(Directions): The answer should consist of all the records, copied exactly.

(Data supplied):
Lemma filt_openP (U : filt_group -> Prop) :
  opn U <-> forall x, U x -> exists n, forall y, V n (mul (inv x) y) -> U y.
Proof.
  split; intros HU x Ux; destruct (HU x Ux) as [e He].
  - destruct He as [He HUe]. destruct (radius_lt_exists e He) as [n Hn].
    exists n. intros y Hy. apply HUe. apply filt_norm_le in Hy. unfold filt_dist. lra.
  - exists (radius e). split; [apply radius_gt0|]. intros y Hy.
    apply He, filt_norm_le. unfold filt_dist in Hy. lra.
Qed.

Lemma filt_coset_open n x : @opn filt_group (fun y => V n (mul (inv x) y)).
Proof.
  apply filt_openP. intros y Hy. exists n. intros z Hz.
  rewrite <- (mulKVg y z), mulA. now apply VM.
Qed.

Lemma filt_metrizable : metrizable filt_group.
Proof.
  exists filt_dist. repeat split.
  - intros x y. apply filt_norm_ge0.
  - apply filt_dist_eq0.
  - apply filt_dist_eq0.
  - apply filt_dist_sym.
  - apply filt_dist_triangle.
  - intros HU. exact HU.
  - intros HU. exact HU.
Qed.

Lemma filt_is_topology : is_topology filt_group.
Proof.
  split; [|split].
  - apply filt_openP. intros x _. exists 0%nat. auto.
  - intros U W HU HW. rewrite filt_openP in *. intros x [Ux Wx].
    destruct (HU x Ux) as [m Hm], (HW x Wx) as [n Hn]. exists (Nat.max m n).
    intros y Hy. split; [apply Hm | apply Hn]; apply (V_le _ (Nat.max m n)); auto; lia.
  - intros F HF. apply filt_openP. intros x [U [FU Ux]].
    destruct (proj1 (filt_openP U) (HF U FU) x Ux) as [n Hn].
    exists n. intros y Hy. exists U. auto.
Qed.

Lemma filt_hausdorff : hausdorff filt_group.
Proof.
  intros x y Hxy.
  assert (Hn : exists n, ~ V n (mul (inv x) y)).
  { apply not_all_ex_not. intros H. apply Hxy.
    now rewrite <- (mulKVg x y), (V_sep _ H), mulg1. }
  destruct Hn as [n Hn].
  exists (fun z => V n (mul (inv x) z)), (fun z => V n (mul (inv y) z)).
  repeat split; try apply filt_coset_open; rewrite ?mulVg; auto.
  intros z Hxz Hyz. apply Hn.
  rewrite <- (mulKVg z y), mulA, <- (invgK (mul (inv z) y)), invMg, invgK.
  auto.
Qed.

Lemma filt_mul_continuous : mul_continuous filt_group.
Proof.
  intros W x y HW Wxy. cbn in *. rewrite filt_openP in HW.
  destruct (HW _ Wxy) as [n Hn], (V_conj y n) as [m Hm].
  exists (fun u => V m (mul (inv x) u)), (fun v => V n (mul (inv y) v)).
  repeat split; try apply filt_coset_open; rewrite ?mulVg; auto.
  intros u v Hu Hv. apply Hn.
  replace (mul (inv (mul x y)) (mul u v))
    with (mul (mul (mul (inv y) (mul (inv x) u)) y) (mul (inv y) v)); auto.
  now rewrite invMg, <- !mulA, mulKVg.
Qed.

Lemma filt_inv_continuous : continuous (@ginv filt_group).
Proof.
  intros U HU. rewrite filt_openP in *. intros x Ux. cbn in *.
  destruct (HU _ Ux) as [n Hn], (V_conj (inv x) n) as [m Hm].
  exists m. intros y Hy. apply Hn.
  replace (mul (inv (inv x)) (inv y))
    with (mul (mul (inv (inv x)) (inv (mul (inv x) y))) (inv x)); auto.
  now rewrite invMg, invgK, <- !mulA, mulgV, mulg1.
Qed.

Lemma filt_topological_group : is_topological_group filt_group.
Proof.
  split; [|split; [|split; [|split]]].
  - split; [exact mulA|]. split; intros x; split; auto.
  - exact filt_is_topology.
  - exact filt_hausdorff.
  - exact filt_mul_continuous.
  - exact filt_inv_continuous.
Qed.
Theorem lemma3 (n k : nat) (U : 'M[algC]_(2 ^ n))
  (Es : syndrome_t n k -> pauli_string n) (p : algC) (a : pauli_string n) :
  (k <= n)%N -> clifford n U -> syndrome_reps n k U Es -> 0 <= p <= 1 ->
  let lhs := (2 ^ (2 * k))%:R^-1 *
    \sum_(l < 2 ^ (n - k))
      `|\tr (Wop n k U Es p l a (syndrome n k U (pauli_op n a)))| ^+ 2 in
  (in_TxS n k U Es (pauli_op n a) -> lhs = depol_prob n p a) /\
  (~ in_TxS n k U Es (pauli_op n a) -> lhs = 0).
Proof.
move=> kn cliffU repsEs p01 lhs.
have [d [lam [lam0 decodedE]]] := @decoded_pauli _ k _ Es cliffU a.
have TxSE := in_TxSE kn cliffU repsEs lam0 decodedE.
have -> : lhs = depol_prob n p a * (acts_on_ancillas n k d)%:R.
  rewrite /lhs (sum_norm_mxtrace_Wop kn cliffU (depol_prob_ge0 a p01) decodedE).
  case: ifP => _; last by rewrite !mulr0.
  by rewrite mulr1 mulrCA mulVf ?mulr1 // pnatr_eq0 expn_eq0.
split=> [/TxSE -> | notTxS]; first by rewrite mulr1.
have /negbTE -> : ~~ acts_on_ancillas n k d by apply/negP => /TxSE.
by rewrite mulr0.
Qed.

(Response):
Lemma filt_openP (U : filt_group -> Prop) :
  opn U <-> forall x, U x -> exists n, forall y, V n (mul (inv x) y) -> U y.
Proof.
  split; intros HU x Ux; destruct (HU x Ux) as [e He].
  - destruct He as [He HUe]. destruct (radius_lt_exists e He) as [n Hn].
    exists n. intros y Hy. apply HUe. apply filt_norm_le in Hy. unfold filt_dist. lra.
  - exists (radius e). split; [apply radius_gt0|]. intros y Hy.
    apply He, filt_norm_le. unfold filt_dist in Hy. lra.
Qed.

Lemma filt_coset_open n x : @opn filt_group (fun y => V n (mul (inv x) y)).
Proof.
  apply filt_openP. intros y Hy. exists n. intros z Hz.
  rewrite <- (mulKVg y z), mulA. now apply VM.
Qed.

Lemma filt_metrizable : metrizable filt_group.
Proof.
  exists filt_dist. repeat split.
  - intros x y. apply filt_norm_ge0.
  - apply filt_dist_eq0.
  - apply filt_dist_eq0.
  - apply filt_dist_sym.
  - apply filt_dist_triangle.
  - intros HU. exact HU.
  - intros HU. exact HU.
Qed.

Lemma filt_is_topology : is_topology filt_group.
Proof.
  split; [|split].
  - apply filt_openP. intros x _. exists 0%nat. auto.
  - intros U W HU HW. rewrite filt_openP in *. intros x [Ux Wx].
    destruct (HU x Ux) as [m Hm], (HW x Wx) as [n Hn]. exists (Nat.max m n).
    intros y Hy. split; [apply Hm | apply Hn]; apply (V_le _ (Nat.max m n)); auto; lia.
  - intros F HF. apply filt_openP. intros x [U [FU Ux]].
    destruct (proj1 (filt_openP U) (HF U FU) x Ux) as [n Hn].
    exists n. intros y Hy. exists U. auto.
Qed.

Lemma filt_hausdorff : hausdorff filt_group.
Proof.
  intros x y Hxy.
  assert (Hn : exists n, ~ V n (mul (inv x) y)).
  { apply not_all_ex_not. intros H. apply Hxy.
    now rewrite <- (mulKVg x y), (V_sep _ H), mulg1. }
  destruct Hn as [n Hn].
  exists (fun z => V n (mul (inv x) z)), (fun z => V n (mul (inv y) z)).
  repeat split; try apply filt_coset_open; rewrite ?mulVg; auto.
  intros z Hxz Hyz. apply Hn.
  rewrite <- (mulKVg z y), mulA, <- (invgK (mul (inv z) y)), invMg, invgK.
  auto.
Qed.

Lemma filt_mul_continuous : mul_continuous filt_group.
Proof.
  intros W x y HW Wxy. cbn in *. rewrite filt_openP in HW.
  destruct (HW _ Wxy) as [n Hn], (V_conj y n) as [m Hm].
  exists (fun u => V m (mul (inv x) u)), (fun v => V n (mul (inv y) v)).
  repeat split; try apply filt_coset_open; rewrite ?mulVg; auto.
  intros u v Hu Hv. apply Hn.
  replace (mul (inv (mul x y)) (mul u v))
    with (mul (mul (mul (inv y) (mul (inv x) u)) y) (mul (inv y) v)); auto.
  now rewrite invMg, <- !mulA, mulKVg.
Qed.

Lemma filt_inv_continuous : continuous (@ginv filt_group).
Proof.
  intros U HU. rewrite filt_openP in *. intros x Ux. cbn in *.
  destruct (HU _ Ux) as [n Hn], (V_conj (inv x) n) as [m Hm].
  exists m. intros y Hy. apply Hn.
  replace (mul (inv (inv x)) (inv y))
    with (mul (mul (inv (inv x)) (inv (mul (inv x) y))) (inv x)); auto.
  now rewrite invMg, invgK, <- !mulA, mulgV, mulg1.
Qed.

Lemma filt_topological_group : is_topological_group filt_group.
Proof.
  split; [|split; [|split; [|split]]].
  - split; [exact mulA|]. split; intros x; split; auto.
  - exact filt_is_topology.
  - exact filt_hausdorff.
  - exact filt_mul_continuous.
  - exact filt_inv_continuous.
Qed.
Theorem lemma3 (n k : nat) (U : 'M[algC]_(2 ^ n))
  (Es : syndrome_t n k -> pauli_string n) (p : algC) (a : pauli_string n) :
  (k <= n)%N -> clifford n U -> syndrome_reps n k U Es -> 0 <= p <= 1 ->
  let lhs := (2 ^ (2 * k))%:R^-1 *
    \sum_(l < 2 ^ (n - k))
      `|\tr (Wop n k U Es p l a (syndrome n k U (pauli_op n a)))| ^+ 2 in
  (in_TxS n k U Es (pauli_op n a) -> lhs = depol_prob n p a) /\
  (~ in_TxS n k U Es (pauli_op n a) -> lhs = 0).
Proof.
move=> kn cliffU repsEs p01 lhs.
have [d [lam [lam0 decodedE]]] := @decoded_pauli _ k _ Es cliffU a.
have TxSE := in_TxSE kn cliffU repsEs lam0 decodedE.
have -> : lhs = depol_prob n p a * (acts_on_ancillas n k d)%:R.
  rewrite /lhs (sum_norm_mxtrace_Wop kn cliffU (depol_prob_ge0 a p01) decodedE).
  case: ifP => _; last by rewrite !mulr0.
  by rewrite mulr1 mulrCA mulVf ?mulr1 // pnatr_eq0 expn_eq0.
split=> [/TxSE -> | notTxS]; first by rewrite mulr1.
have /negbTE -> : ~~ acts_on_ancillas n k d by apply/negP => /TxSE.
by rewrite mulr0.
Qed.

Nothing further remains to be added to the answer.